Organizing Principles of Astrocytic Nanoarchitecture in the Mouse Cerebral Cortex

Astrocytes have complex roles in central nervous system (CNS) health and disease. Underlying these roles is an elaborate architecture based on frequent, extremely fine, but seemingly haphazard branches, as well as prominent features including tripartite synaptic complexes and perivascular endfeet. While broad categories of structures in astrocytes are known, the fundamental building blocks that compose them and their organizing principles have yet to be adequately defined. This is largely due to the absence of high-resolution datasets that can reveal nanoscopic features of astrocytes (i.e. 10-20nm diameter in x, y, and z) and a lack of computational approaches that can effectively interrogate astrocyte shape, organization, and nanoarchitecture.

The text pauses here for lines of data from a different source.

Lemma comp_eq A u w : (comp A u == comp A w) = connect (eadj A) u w.
Proof.
apply/eqP/idP => [uw|uw]; last first.
  by apply/setP => z; rewrite !inE (same_connect (connect_eadj_sym A) uw).
have : w \in comp A w by rewrite inE connect0.
by rewrite -uw inE.
Qed.

Lemma ncomp0 : ncomp (set0 : {set {set V}}) = #|V|.
Proof.
rewrite ncompE card_imset // => u w /eqP; rewrite comp_eq.
by case/connectP => -[_ ->|z p] //=; rewrite /eadj inE.
Qed.

Lemma ncomp_le A : (ncomp A <= #|V|)%N.
Proof. exact: leq_imset_card. Qed.

Lemma grank_gt0 A : simple_edges A -> A != set0 -> (0 < grank A)%N.
Proof.
move=> HA /set0Pn [e eA]; have [x [y [xy exy]]] := simple_edgeP HA eA.
have cxy : connect (eadj A) x y by apply: connect1; rewrite /eadj -exy.
have : (ncomp A <= #|[set~ y]|)%N.
  rewrite ncompE; apply: leq_trans (leq_imset_card (comp A) _).
  apply/subset_leq_card/subsetP => c /imsetP [v _ ->]; apply/imsetP.
  have [->|vy] := eqVneq v y; last by exists v; rewrite ?inE.
  by exists x; [rewrite !inE | apply/eqP; rewrite comp_eq connect_eadj_sym].
have : (0 < #|V|)%N by apply/card_gt0P; exists x.
by rewrite cardsC1 /grank; lia.
Qed.

Lemma ncomp_le_add_edge A A' x y : A \subset [set x; y] |: A' ->
  (ncomp A' <= ncomp A + ~~ connect (eadj A') x y)%N.
Proof.
move=> /subsetP AxyA'; have csym := connect_eadj_sym A'.
pose g v := if connect (eadj A') y v then x else v.
have g_xy v : v \in [set x; y] -> g v = x.
  by rewrite !inE /g => /orP[]/eqP ->; [case: ifP | rewrite connect0].
have g_edge u w : eadj A u w -> connect (eadj A') (g u) (g w).
  move=> /AxyA'; rewrite !inE => /orP[/eqP uw|uwA'].
    by rewrite !g_xy ?connect0 // -uw ?set21 ?set22.
  have cuw : connect (eadj A') u w := connect1 uwA'.
  rewrite /g (same_connect_r csym cuw y).
  by case: ifP => _; [exact: connect0 | exact: cuw].
have g_connect u w : connect (eadj A) u w -> connect (eadj A') (g u) (g w).
  case/connectP => p + ->; elim: p u => [|z p IH] u /=; first by rewrite connect0.
  by case/andP => /g_edge uz /IH; apply: connect_trans uz.
have le_img : (#|[set comp A' (g v) | v : V]| <= ncomp A)%N.
  rewrite ncompE; apply: leq_card_imset_factor => u w /eqP.
  by rewrite comp_eq => /g_connect; rewrite -comp_eq => /eqP.
rewrite ncompE; have [cxy|ncxy] /= := boolP (connect (eadj A') x y).
  rewrite addn0; apply/(leq_trans _ le_img)/subset_leq_card/subsetP.
  move=> c /imsetP [v _ ->]; apply/imsetP; exists v => //.
  rewrite /g; case: ifP => // yv; apply/eqP.
  by rewrite comp_eq csym (connect_trans cxy yv).
apply: (@leq_trans #|comp A' y |: [set comp A' (g v) | v : V]|).
  apply/subset_leq_card/subsetP => c /imsetP [v _ ->]; rewrite !inE.
  case yv : (connect (eadj A') y v); first by rewrite comp_eq csym yv.
  by apply/orP; right; apply/imsetP; exists v; rewrite /g ?yv.
by rewrite cardsU1 addnC leq_add ?leq_b1.
Qed.

Definition bichrom s e := [exists u in e, exists w in e, s u != s w].
Definition ncut s A := #|[set e in A | bichrom s e]|.

Lemma bichrom_addb s (t : V -> bool) e : {in e &, forall u w, t u = t w} ->
  bichrom (fun v => s v (+) t v) e = bichrom s e.
Proof.
move=> te; apply/existsP/existsP => -[u /andP[ue /existsP[w /andP[we suw]]]];
  exists u; rewrite ue /=; apply/existsP; exists w; rewrite we /=;
  by move: suw; rewrite (te u w ue we); case: (s u); case: (s w); case: (t w).
Qed.

Lemma bichrom_set2 s u w : bichrom s [set u; w] = (s u != s w).
Proof.
apply/existsP/idP => [[p /andP[pin /existsP[q /andP[qin spq]]]]|suw].
  by move: pin qin spq; rewrite !inE => /orP[]/eqP -> /orP[]/eqP ->;
    rewrite ?eqxx // eq_sym.
by exists u; rewrite set21 /=; apply/existsP; exists w; rewrite set22.
Qed.

Lemma ncutS s A B : A \subset B -> (ncut s A <= ncut s B)%N.
Proof.
move=> /subsetP AB; apply/subset_leq_card/subsetP => e.
by rewrite !inE => /andP[/AB -> ->].
Qed.

Lemma eq_ncut s s' A : {in A, bichrom s =1 bichrom s'} -> ncut s A = ncut s' A.
Proof.
by move=> ss'; apply: eq_card => f; rewrite !inE; apply: andb_id2l; exact: ss'.
Qed.

Lemma ncut_setD1 s A e : e \in A -> bichrom s e -> ncut s A = (ncut s (A :\ e)).+1.
Proof.
move=> eA se; rewrite /ncut (cardsD1 e) inE eA se add1n; congr _.+1.
by apply: eq_card => f; rewrite !inE andbA.
Qed.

Here, we produced and analyzed multiple, high-resolution datasets of layer 2/3 mouse somatosensory cortex using focused ion beam scanning electron microscopy (8nm intervals) and computer vision approaches to provide a principled, quantitative analysis of astrocytic nanoarchitecture. A decomposition of astrocytes into fundamental "parts" led to the discovery of unique structural components, recurring structural motifs, and assembly of parts into an organized hierarchy. New relationships were also discerned between astrocytic processes and other CNS microanatomy including mitochondria, tripartite synapses, and cerebrovasculature. By deploying computational resources to quantitatively understand the organizing principles and nanoarchitecture of astrocytes, this study reveals the specialized anatomical adaptations of these complex cells within the CNS.